Collected data entries
_ _ _

(* There exists a function assigning to each real $x \geq 1$ a positive integer $m = m(x)$ such that: (i) $\varphi(m) \leq x$; (ii) $m = 2^t Q$, where $t \geq 0$ is an integer and $Q$ is an odd squarefree positive integer; and (iii) \[ m(x) \geq \left(\tfrac{1}{2} e^{\gamma} + o(1)\right) x \log\log x \quad \text{as } x \to +\infty, \] i.e., $\liminf_{x\to+\infty} m(x)/(x\log\log x) \geq \tfrac12 e^{\gamma}$.
   Context: $\varphi$ denotes Euler's totient function and $\gamma$ is the Euler--Mascheroni constant. $\log$ is the natural logarithm. *)

From Stdlib Require Import Reals.
From mathcomp Require Import ssreflect ssrbool eqtype ssrnat div prime.

Definition phi (n : nat) : nat := totient n.

Definition squarefree (q : nat) : Prop :=
  forall d : nat, (1 < d)%N -> ~ (d * d %| q)%N.

(* g is the Euler--Mascheroni constant: g = lim_{n->oo} (H_n - ln n).
   Here sum_f_R0 (fun k => / INR (k+1)) n = H_{n+1}. *)
Definition is_euler_gamma (g : R) : Prop :=
  Un_cv (fun n : nat =>
           (sum_f_R0 (fun k : nat => / INR (k + 1)) n - ln (INR (n + 1)))%R) g.

(* Let y be the largest integer with y^(y+1) <= x, so that ln y ~ ln ln x, and let
   A be the product of p - 1 over the odd primes p <= y, so that A <= y^(y+1) <= x.
   Removing one odd prime q from the product of the odd primes up to y and
   multiplying by a power of two gives m = 2^(j+1) * prod_{p <= y odd, p <> q} p,
   with phi(m) = 2^j A / (q - 1).  For fifteen explicit primes q in [101, 1087] the
   numbers 2^j / (q - 1) are 20/19-dense, so j and q can be chosen with
   19x/20 <= phi(m) <= x.  Then m / phi(m) = (q-1)/q * prod_{p <= y} p/(p-1), and the
   Euler product dominates the harmonic sum H_y >= ln (y+1), so
   m >= (19/20) (100/101) x ln (y+1) = (95/101) x ln (y+1). *)

From Stdlib Require Import Reals Lra Lia ZArith ClassicalEpsilon.
From mathcomp Require Import all_boot all_order all_algebra zify.
From mathcomp Require Import Rstruct.

Set Implicit Arguments. Unset Strict Implicit. Unset Printing Implicit Defensive.
Import Order.TTheory GRing.Theory Num.Theory.

(* MathComp rebinds the keys %Z and %R to int_scope and ring_scope; the statement
   of lemma2 uses them for the Stdlib integers and reals. *)
Delimit Scope Z_scope with Z.
Delimit Scope R_scope with R.

Lemma coprime_prod_primes (s : seq nat) p : all prime s -> prime p -> p \notin s ->
  coprime p (\prod_(q <- s) q).
Proof.
move=> + p_pr; elim: s => [|a r IH] /=; first by rewrite big_nil coprimen1.
case/andP=> a_pr r_pr; rewrite inE negb_or => /andP[p_a p_r].
by rewrite big_cons coprimeMr IH // andbT prime_coprime // dvdn_prime2.
Qed.

Lemma totient_prod_primes (s : seq nat) : uniq s -> all prime s ->
  totient (\prod_(p <- s) p) = \prod_(p <- s) p.-1.
Proof.
elim: s => [|a r IH] /=; first by rewrite !big_nil.
case/andP=> a_r r_uniq /andP[a_pr r_pr].
rewrite !big_cons totient_coprime; last by rewrite coprime_prod_primes.
by rewrite totient_prime // IH.
Qed.

Lemma squarefree_prod_primes (s : seq nat) : uniq s -> all prime s ->
  squarefree (\prod_(p <- s) p).
Proof.
move=> s_uniq s_pr d d_gt1 dd_dvd; set r := pdiv d.
have r_pr : prime r := pdiv_prime d_gt1.
have rr_dvd : r * r %| \prod_(p <- s) p.
  exact: dvdn_trans (dvdn_mul (pdiv_dvd d) (pdiv_dvd d)) dd_dvd.
have r_s : r \in s.
  apply: contraLR (dvdn_trans (dvdn_mulr r (dvdnn r)) rr_dvd) => r_notin.
  by rewrite -prime_coprime ?coprime_prod_primes.
move: rr_dvd; rewrite (big_rem r r_s) dvdn_pmul2l ?prime_gt0 //; apply/negP.
rewrite -prime_coprime // coprime_prod_primes ?mem_rem_uniqF //.
by apply/allP => x /(mem_subseq (rem_subseq r s)); apply: (allP s_pr).
Qed.

Lemma odd_prod (s : seq nat) : all odd s -> odd (\prod_(p <- s) p).
Proof.
by elim: s => [|a s IH] /=; rewrite ?big_nil // big_cons => /andP[a_odd /IH]; rewrite oddM a_odd.
Qed.

(** * Euler products dominate harmonic sums *)

Section EulerProduct.
Local Open Scope ring_scope.

Variable F : realFieldType.

Definition euler_factor (p : nat) : F := p%:R / (p%:R - 1).

Lemma geometric_sum_le (r : F) n : 0 <= r < 1 -> \sum_(j < n) r ^+ j <= (1 - r)^-1.
Proof.
case/andP=> r0 r1; have r1' : 0 < 1 - r by rewrite subr_gt0.
elim: n => [|n IH]; first by rewrite big_ord0 invr_ge0 ltW.
rewrite big_ord_recl expr0; under eq_bigr => j _ do rewrite exprS.
have E : 1 + r * (1 - r)^-1 = (1 - r)^-1.
  apply/eqP; rewrite eq_sym -subr_eq -[X in X - _]mul1r -mulrBl divff //.
  exact: lt0r_neq0.
rewrite -mulr_sumr -E lerD2l; apply: ler_wpM2l => //.
Qed.

Lemma euler_factorE p : (1 < p)%N -> euler_factor p = (1 - p%:R^-1)^-1.
Proof.
move=> p1; have p0 : p%:R != 0 :> F by rewrite pnatr_eq0; lia.
have -> : 1 - p%:R^-1 = (p%:R - 1) / p%:R :> F by rewrite mulrBl mul1r divff.
by rewrite invf_div.
Qed.

Lemma sum_inv_pow_le_euler_factor p n : (1 < p)%N ->
  \sum_(j < n) (p%:R ^+ j)^-1 <= euler_factor p.
Proof.
move=> p1; rewrite euler_factorE //; under eq_bigr => j _ do rewrite -exprVn.
apply: geometric_sum_le; rewrite invr_ge0 ler0n /= invf_lt1 ?ltr1n //.
by rewrite ltr0n; lia.
Qed.

Definition euler_product (y : nat) : F := \prod_(p < y.+1 | prime p) euler_factor p.

Variable y : nat.

(* Expanding prod_(i <= y) sum_(j <= y) euler_term i j gives one term per exponent
   profile f : 'I_y.+1 -> 'I_y.+1; the profile i |-> logn i k of 1 <= k <= y
   contributes exactly 1/k. *)
Definition euler_term (i j : 'I_y.+1) : F :=
  if prime i then (i%:R ^+ j)^-1 else (j == ord0)%:R.

Definition log_profile (k : nat) : {ffun 'I_y.+1 -> 'I_y.+1} :=
  [ffun i : 'I_y.+1 => inord (logn i k)].

Lemma log_profileE k (i : 'I_y.+1) : (0 < k)%N -> (k <= y)%N ->
  log_profile k i = logn i k :> nat.
Proof.
move=> k0 ky; rewrite ffunE inordK //.
by apply: leq_trans (ltn_logl i k0) _; lia.
Qed.

Lemma prod_logn k : (0 < k)%N -> (k <= y)%N -> (\prod_(i < y.+1) i ^ logn i k)%N = k.
Proof.
move=> k0 ky; rewrite -[RHS](partnT k0) (widen_partn _ ky) big_mkord.
by apply: eq_bigl.
Qed.

Lemma prod_euler_term_log_profile k : (0 < k)%N -> (k <= y)%N ->
  \prod_i euler_term i (log_profile k i) = k%:R^-1.
Proof.
move=> k0 ky; rewrite -{2}(prod_logn k0 ky) natr_prod -prodfV; apply: eq_bigr => i _.
rewrite /euler_term natrX; case: ifP => i_pr; first by rewrite log_profileE.
have log0 : logn i k = 0%N by rewrite lognE i_pr.
rewrite log0 expr0 invr1 (_ : log_profile k i = ord0) //.
by apply: val_inj; rewrite /= log_profileE.
Qed.

Lemma log_profile_inj :
  {in [pred k : 'I_y.+1 | (0 < k)%N] &, injective (fun k : 'I_y.+1 => log_profile k)}.
Proof.
move=> a b; rewrite !inE => a0 b0 ab; apply: val_inj; apply: eqn_from_log => // p.
have [py | yp] := ltnP p y.+1; last by rewrite !ltn_log0 //; apply: leq_trans (ltn_ord _) yp.
have := congr1 (fun f : {ffun 'I_y.+1 -> 'I_y.+1} => nat_of_ord (f (Ordinal py))) ab.
by rewrite /= !log_profileE // -ltnS.
Qed.

Lemma harmonic_le_euler_product :
  \sum_(k < y.+1 | (0 < k)%N) k%:R^-1 <= euler_product y.
Proof.
rewrite /euler_product; set pos := [pred k : 'I_y.+1 | (0 < k)%N].
have term_ge0 i j : 0 <= euler_term i j.
  by rewrite /euler_term; case: ifP => _; rewrite ?invr_ge0 ?exprn_ge0 ?ler0n.
have -> : \sum_(k < y.+1 | (0 < k)%N) k%:R^-1 =
          \sum_(k in pos) \prod_i euler_term i (log_profile k i).
  by apply: eq_big => // k k0; rewrite prod_euler_term_log_profile // -ltnS.
rewrite -(big_imset (fun f : {ffun _} => \prod_i euler_term i (f i)) log_profile_inj) /=.
apply: (@le_trans _ _ (\prod_i \sum_j euler_term i j)).
  rewrite bigA_distr_bigA /= [leRHS](bigID [in [set log_profile k | k : 'I_y.+1 in pos]]) /=.
  by rewrite lerDl; apply: sumr_ge0 => f _; apply: prodr_ge0 => i _.
rewrite [leRHS]big_mkcond /=; apply: ler_prod => i _.
rewrite sumr_ge0 //= /euler_term; case: ifP => i_pr.
  by apply: sum_inv_pow_le_euler_factor; apply: prime_gt1.
by rewrite (bigD1 ord0) //= big1 ?addr0 // => j /negPf ->.
Qed.

End EulerProduct.

(** * Near-primorials *)

Definition odd_primes_upto (y : nat) : seq nat := [seq p <- iota 0 y.+1 | prime p && odd p].

Lemma mem_odd_primes_upto y p : (p \in odd_primes_upto y) = [&& prime p, odd p & (p <= y)%N].
Proof. by rewrite mem_filter mem_iota /= add0n ltnS -andbA. Qed.

Definition pow2_odd_squarefree (n : nat) : Prop :=
  exists t Q : nat, n = (2 ^ t * Q)%N /\ odd Q /\ (0 < Q)%N /\ squarefree Q.

Definition near_primorial (y q j : nat) : nat :=
  2 ^ j.+1 * \prod_(p <- rem q (odd_primes_upto y)) p.

Section NearPrimorial.

Variables y q j : nat.
Let s := rem q (odd_primes_upto y).

Lemma near_primorial_seq : [/\ uniq s, all prime s & all odd s].
Proof.
have sub : {subset s <= odd_primes_upto y} := mem_subseq (rem_subseq q _).
split; first by rewrite rem_uniq // filter_uniq // iota_uniq.
  by apply/allP => p /sub; rewrite mem_odd_primes_upto => /and3P[].
by apply/allP => p /sub; rewrite mem_odd_primes_upto => /and3P[].
Qed.

Lemma near_primorial_shape : pow2_odd_squarefree (near_primorial y q j).
Proof.
have [s_uniq s_pr s_odd] := near_primorial_seq.
exists j.+1, (\prod_(p <- s) p); split=> //; split; first exact: odd_prod.
by split; [apply: odd_gt0; apply: odd_prod | apply: squarefree_prod_primes].
Qed.

Lemma totient_near_primorial :
  totient (near_primorial y q j) = (2 ^ j * \prod_(p <- s) p.-1)%N.
Proof.
have [s_uniq s_pr s_odd] := near_primorial_seq.
rewrite totient_coprime ?coprimeXl ?coprime2n ?odd_prod //.
by rewrite totient_pfactor // mul1n totient_prod_primes.
Qed.

Lemma totient_near_primorial_mul_pred : q \in odd_primes_upto y ->
  (totient (near_primorial y q j) * q.-1 = 2 ^ j * \prod_(p <- odd_primes_upto y) p.-1)%N.
Proof.
move=> q_in; rewrite totient_near_primorial (big_rem q q_in) /= -mulnA.
by congr (_ * _); apply: mulnC.
Qed.

End NearPrimorial.

Lemma prod_odd_primes_pred_gt0 y : (0 < \prod_(p <- odd_primes_upto y) p.-1)%N.
Proof.
rewrite big_seq; apply: prodn_cond_gt0 => p.
rewrite mem_odd_primes_upto => /and3P[p_pr p_odd _].
by have := odd_prime_gt2 p_odd p_pr; lia.
Qed.

Lemma prod_odd_primes_pred_le y : (0 < y)%N ->
  (\prod_(p <- odd_primes_upto y) p.-1 <= y ^ y.+1)%N.
Proof.
move=> y0; have prod_le s : all (fun p => p.-1 <= y) s -> \prod_(p <- s) p.-1 <= y ^ size s.
  elim: s => [|a s IH] /=; first by rewrite big_nil.
  by case/andP=> ay /IH; rewrite big_cons expnS; apply: leq_mul.
apply: leq_trans (prod_le _ _) _.
  by apply/allP => p; rewrite mem_odd_primes_upto => /and3P[_ _ py]; lia.
rewrite leq_pexp2l // size_filter; apply: leq_trans (count_size _ _) _.
by rewrite size_iota.
Qed.

Section NearPrimorialRatio.
Local Open Scope ring_scope.
Variable F : realFieldType.

Lemma euler_factor_neq0 p : (1 < p)%N -> euler_factor F p != 0.
Proof.
move=> p1; rewrite mulf_neq0 ?invr_eq0 ?subr_eq0 ?pnatr_eq0 ?pnatr_eq1 //; lia.
Qed.

Lemma natr_pred_mul_euler_factor p : (1 < p)%N -> p.-1%:R * euler_factor F p = p%:R.
Proof.
move=> p1; have p1' : p%:R - 1 != 0 :> F by rewrite subr_eq0 pnatr_eq1; lia.
have -> : p.-1%:R = p%:R - 1 :> F by rewrite -[in RHS](prednK (ltnW p1)) -natr1 addrK.
by rewrite mulrC divfK.
Qed.

Lemma natr_prod_primes (s : seq nat) : all prime s ->
  (\prod_(p <- s) p)%:R = (\prod_(p <- s) p.-1)%:R * \prod_(p <- s) euler_factor F p.
Proof.
elim: s => [|a s IH] /=; first by rewrite !big_nil mulr1.
case/andP=> a_pr s_pr; rewrite !big_cons !natrM IH // mulrACA.
by rewrite natr_pred_mul_euler_factor // prime_gt1.
Qed.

_ _ _

Exercise directions: In the entries above, some lines hold the string "Require". Copy each of them.

Output:
From Stdlib Require Import Reals.
From mathcomp Require Import ssreflect ssrbool eqtype ssrnat div prime.
From Stdlib Require Import Reals Lra Lia ZArith ClassicalEpsilon.
From mathcomp Require Import all_boot all_order all_algebra zify.
From mathcomp Require Import Rstruct.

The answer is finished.